When Algoma began its aggressive strategy to take huge revenues from international students, it began working with third-party recruiters, a questionable practice that was flagged by the Auditor General, who raised concerns about using a profit-driven motive to find revenue from abroad.
“Current compensation practices for international recruiting agents incentivize them to recruit more students, but not necessarily more qualified students,” the AG report pointed out. “Agents are compensated based on a percentage of the base tuition. The university also paid in-country recruiting services a fixed monthly fee plus expenses incurred. This compensation structure may incentivize recruiting agents to recruit a large number of students who may not ultimately become successful graduates because the students are meeting only minimum admission requirements."
The report revealed Algoma’s “international undergraduate student graduation rate for 2022 was 55 per cent," and this does not account for those students who passed courses and ultimately finished their studies but did not get grades that would allow them to compete for jobs in their field. The university, according to the AG (and unlike many other institutions) did not track the progress of international students after they left, with no data on employment or success finding work in their fields.
Many of the students from India are from families that can barely afford to send children abroad, and often take on significant financial hardship hoping that a Canadian degree or diploma will lead to citizenship and, in some cases, the ability to bring other family members here, eventually.
Students at Algoma’s Brampton campus have said they are spending as much as $26,000 a year on tuition and fees alone. The average annual income of those in India who make enough money to pay tax (less than two percent of the population) is about $3,000 CDN.
Dozens of the university’s international students in Brampton have recently taken to the streets to protest the lack of support and resources, specifically the lack of transparency around grades (simply wanting to know how they performed) and mass exam failures in particular courses. They are raising concerns highlighted by the AG that a profit-driven recruitment and admissions strategy that pushes “only minimum admission requirements” can lead to a mismatch between the expectations of some students and their abilities. Algoma denied the students were graded unfairly and has offered some the opportunity to retake exams.
Algoma does its own transcript assessments, the AG report detailed, which are “based on grade-conversion charts developed in-house, as no provincial conversion standards have been established by the Ministry.” The AG reported the university “also does not require students to submit assessments from third-party foreign transcript evaluation services.”

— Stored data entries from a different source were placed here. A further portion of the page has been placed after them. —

Lemma dist_tri x y z : dist e x z <= dist e x y + dist e y z.
Proof.
move dyz: (dist e y z) => d; elim: d z dyz => [|d IHd] z dyz.
  by rewrite (dist_eq0 dyz) addn0.
have [w wz dw] := dist_pred dyz.
by apply: leq_trans (dist_nbr x wz) _; rewrite addnS ltnS IHd.
Qed.

Lemma diameter_gt1 x y : x != y -> ~~ e x y -> 1 < diameter e.
Proof.
move=> xy nexy; apply: leq_trans (diameter_max x y).
case dxy: (dist e x y) => [|[|d]] //; first by rewrite (dist_eq0 dxy) eqxx in xy.
have [z zy /dist_eq0 xz] := dist_pred dxy.
by rewrite xz zy in nexy.
Qed.

Hypothesis e_sym : symmetric e.

Lemma dist_sym x y : dist e x y = dist e y x.
Proof.
suff dist_le_sym u v : dist e v u <= dist e u v by apply/eqP; rewrite eqn_leq !dist_le_sym.
move duv: (dist e u v) => d; elim: d v duv => [|d IHd] v duv.
  by rewrite (dist_eq0 duv) dist0.
have [w wv dw] := dist_pred duv.
by apply: leq_trans (dist_nbr_src u (_ : e v w)) _; rewrite 1?e_sym // ltnS IHd.
Qed.

End GraphDistance.

Lemma connect_homo (U W : finType) (eU : rel U) (eW : rel W) (f : U -> W) :
  {homo f : x y / eU x y >-> eW x y} -> forall x y, connect eU x y -> connect eW (f x) (f y).
Proof.
move=> f_homo x y /connectP[p xp ->]; rewrite -last_map.
by apply/connectP; exists (map f p); first exact: homo_path f_homo xp.
Qed.

Lemma card_exists_disjoint (T I : finType) (B : {set I}) (P : I -> pred T) (Q : pred T) :
  (forall z, {in B &, forall u u', P u z -> P u' z -> u = u'}) ->
  #|[set z | Q z & [exists u in B, P u z]]| = \sum_(u in B) #|[set z | Q z & P u z]|.
Proof.
move=> P_inj; rewrite -sum1_card big_mkcond /=.
under [RHS]eq_bigr => u _ do rewrite -sum1_card big_mkcond /=.
rewrite exchange_big /=; apply: eq_bigr => z _; rewrite inE.
case: (boolP [exists u in B, P u z]) => [/existsP[u0 /andP[u0B Pu0]] | noP].
  rewrite andbT (bigD1 u0) //= inE Pu0 andbT big1 ?addn0 // => u /andP[uB ne].
  rewrite inE; case: (boolP (P u z)) => [Pu | _]; last by rewrite andbF.
  by rewrite (P_inj z u u0) ?eqxx in ne.
rewrite andbF big1 // => u uB; rewrite inE.
case: (boolP (P u z)) => [Pu | _]; last by rewrite andbF.
by move: noP; rewrite negb_exists => /forallP /(_ u); rewrite uB Pu.
Qed.

Section CoveringMap.
Variables (U W : finType) (eU : rel U) (eW : rel W) (phi : U -> W).
Hypothesis phi_homo : {homo phi : x y / eU x y >-> eW x y}.
Hypothesis phi_lift : forall x w, eW (phi x) w -> exists2 y, eU x y & phi y = w.

Lemma cover_connected :
  (forall w, exists u, phi u = w) -> connected_graph eU -> connected_graph eW.
Proof.
move=> phi_surj eU_conn x' y'.
have [x <-] := phi_surj x'; have [y <-] := phi_surj y'.
exact: connect_homo phi_homo _ _ (eU_conn x y).
Qed.

Lemma ball_cover k x w :
  (w \in ball eW k (phi x)) = [exists y, (phi y == w) && (y \in ball eU k x)].
Proof.
elim: k w => [|k IHk] w.
  rewrite /= inE; apply/eqP/existsP => [-> | [y /andP[/eqP <-]]].
    by exists x; rewrite /= !inE !eqxx.
  by rewrite inE => /eqP ->.
apply/idP/existsP => [/ballSP[| [w0 w0k w0w]] | [y /andP[/eqP <- /ballSP[yk | [z zk zy]]]]].
- rewrite IHk => /existsP[y /andP[yw yk]]; exists y; rewrite yw /=.
  exact: (subsetP (ball_mono _ _ (leqnSn _))).
- move: w0k; rewrite IHk => /existsP[y0 /andP[/eqP y0w0 y0k]].
  rewrite -y0w0 in w0w; have [y y0y <-] := phi_lift w0w.
  by exists y; rewrite eqxx; apply: ball_nbr y0y.
- apply: (subsetP (ball_mono _ _ (leqnSn _))).
  by rewrite IHk; apply/existsP; exists y; rewrite eqxx.
- apply: (@ball_nbr _ _ _ _ (phi z)); last exact: phi_homo.
  by rewrite IHk; apply/existsP; exists z; rewrite eqxx.
Qed.

Hypothesis phi_nbr_inj : forall y z z', eU y z -> eU y z' -> phi z = phi z' -> z = z'.

Lemma card_nbr_image y (P : pred W) :
  #|[set z' | eW (phi y) z' & P z']| = #|[set z | eU y z & P (phi z)]|.
Proof.
rewrite -(@card_in_imset _ _ phi (mem [set z | eU y z & P (phi z)])); last first.
  by move=> z z'; rewrite !inE => /andP[yz _] /andP[yz' _]; apply: phi_nbr_inj yz yz'.
apply: eq_card => z'; rewrite inE; apply/andP/imsetP => [[yz' Pz'] | [z]].
  by have [z yz zz'] := phi_lift yz'; exists z; rewrite // inE yz zz'.
by rewrite inE => /andP[yz Pz] ->; rewrite phi_homo.
Qed.

Hypotheses (eU_conn : connected_graph eU) (eW_conn : connected_graph eW).

Lemma cover_dist_le x y : dist eW (phi x) (phi y) <= dist eU x y.
Proof.
by rewrite dist_ball // ball_cover; apply/existsP; exists y; rewrite eqxx /= -dist_ball.
Qed.

Lemma cover_dist_lift x w : exists2 y, phi y = w & dist eU x y = dist eW (phi x) w.
Proof.
have : dist eW (phi x) w <= dist eW (phi x) w by [].
rewrite dist_ball // ball_cover => /existsP[y /andP[/eqP yw yk]]; exists y => //.
by rewrite -dist_ball // in yk; apply/eqP; rewrite eqn_leq yk -yw cover_dist_le.
Qed.

End CoveringMap.

Section AntipodalDistanceRegular.
Variables (U : finType) (K : eqType) (eU : rel U) (F : U -> K).
Hypotheses (eU_sym : symmetric eU) (eU_conn : connected_graph eU).
Variables cc bb : nat -> nat.
Hypothesis eU_DR : forall x y,
    #|[set z | eU y z & dist eU x z == (dist eU x y).-1]| = cc (dist eU x y) /\
    #|[set z | eU y z & dist eU x z == (dist eU x y).+1]| = bb (dist eU x y).
Hypothesis eU_anti : forall x y, (x == y) || (dist eU x y == diameter eU) = (F x == F y).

Morrison wrote in an email response that, “Proof of English language proficiency is required for international students to attend Algoma University.” To establish the academic level of applicants she said the university accepts third-party assessments from a number of recognized national and international businesses such as the International Credential Assessment Service of Canada, which is a private company.
The Auditor General “found instances where an international student applicant was accepted to the university even though their transcript did not meet admission requirements.” Eight percent of its sample for Algoma found the university “granted admission to students who did not have the required prerequisites for their program of study.”
“The university admitted the students without the condition that they complete the required courses in their first year,” although the report notes Algoma remediated the situation “eventually by requiring the students to complete the required prerequisites in a subsequent year.” Morrison said Algoma’s senate “sets admissions standards for programs, including the minimum academic requirements for admission,” and stated there are “no exceptions to admission requirements.”
It is unclear how Algoma’s aggressive recruitment of Indian students will be impacted by new rules introduced this week by the Liberal government to address the exploitation of international students.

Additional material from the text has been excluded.